焦りは禁物、二人に任せていれば万事解決となるのは想像に難くない。

少し考えれば分かることではあるのだが、二人とも既に溶解液には気づいているだろう。

不慣れなレビテトを使うより救助や支援をやった方が良い。

そう判断して崩壊している野営地(キャンプ)の中を走り回る。

 

「【ホーリー】!」

 

【まほうぜんたいか】の効果によって、光の矢が降り注ぐ。

【ミニマム】によって小さくなった芋虫は簡単に灰に還る。

しかし【ホーリー】を乱発してはすぐにMPが底を尽きる。

そんなことは少し考えれば分かることであり、手持ちの【エーテル】は少ない。

ゴルベーザの無尽蔵とも言える魔力は憧れるがまだまだ未熟なベルでは遠くに見える焼け野原にはできない。

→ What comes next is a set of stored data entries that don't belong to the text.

Lemma compact_convergent_subseq {X : Type} (d : X -> X -> R) :
  compact_metric_space d -> forall u : nat -> X,
  exists phi z, tends_to_infinity phi /\ converges d (fun n => u (phi n)) z.
Proof.
  intros Hc u. destruct (compact_cluster_point d Hc u) as [z Hz].
  destruct (choice (fun k n => (k <= n)%nat /\ d z (u n) < / INR (S k))) as [phi Hphi].
  { intro k. apply Hz, inv_succ_pos. }
  exists phi, z. split.
  - intros N. exists N. intros n Hn. specialize (Hphi n). lia.
  - apply converges_of_inv_succ. intro n. apply Hphi.
Qed.

Lemma compact_simultaneous_subseq {A X : Type} (d : X -> X -> R) :
  compact_metric_space d -> forall (U : A -> nat -> X) (l : list A),
  exists phi, tends_to_infinity phi /\
    forall a, In a l -> exists z, converges d (fun n => U a (phi n)) z.
Proof.
  intros Hc U l. induction l as [|h l [phi [Hphi IH]]].
  - exists (fun n => n). split; [intros N; exists N; auto|]. intros a [].
  - destruct (compact_convergent_subseq d Hc (fun n => U h (phi n))) as [psi [z [Hpsi Hz]]].
    exists (fun n => phi (psi n)). split; [apply tends_to_infinity_comp; assumption|].
    intros a [<-|Ha]; [exists z; exact Hz|].
    destruct (IH a Ha) as [za Hza]. exists za.
    exact (converges_subseq d (fun n => U a (phi n)) za psi Hza Hpsi).
Qed.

芋虫を吹き飛ばしては倒しているジェクトと空中から魔法によっての援護や一撃で芋虫を消し飛ばしているゴルベーザ。

分かっていた、分かっていたのだがあの二人の非常識さには乾いた笑いが出る。

芋虫の姿はもうほとんど見えない。

天井にいたものも地上にいるものもはたまた壁にいるものも、殲滅されたようだ。

 

「‥‥‥凄いなぁ」

 

ふぅ、と息をつく。

感想を零すとゴルベーザの姿を探す。

飛んでいる彼の姿は簡単に目視できる、恐らく彼はジェクトと合流するだろうと予想した。

ベルはほぼほぼ後方支援のみをやっていたがあの二人は前線で戦っていたのだ。

そりゃ、助けた側としては接触するだろう。

そこらに散らばる野営地の残骸を避けて進み、ジェクトやゴルベーザのいる場所に急ぐ。

ゴルベーザとジェクトの姿が見えると耳の長い緑髪のエルフの人と山吹色の髪のエルフ、そして金髪の子供、多分小人族(パルゥム)が話しているのがみてとれる。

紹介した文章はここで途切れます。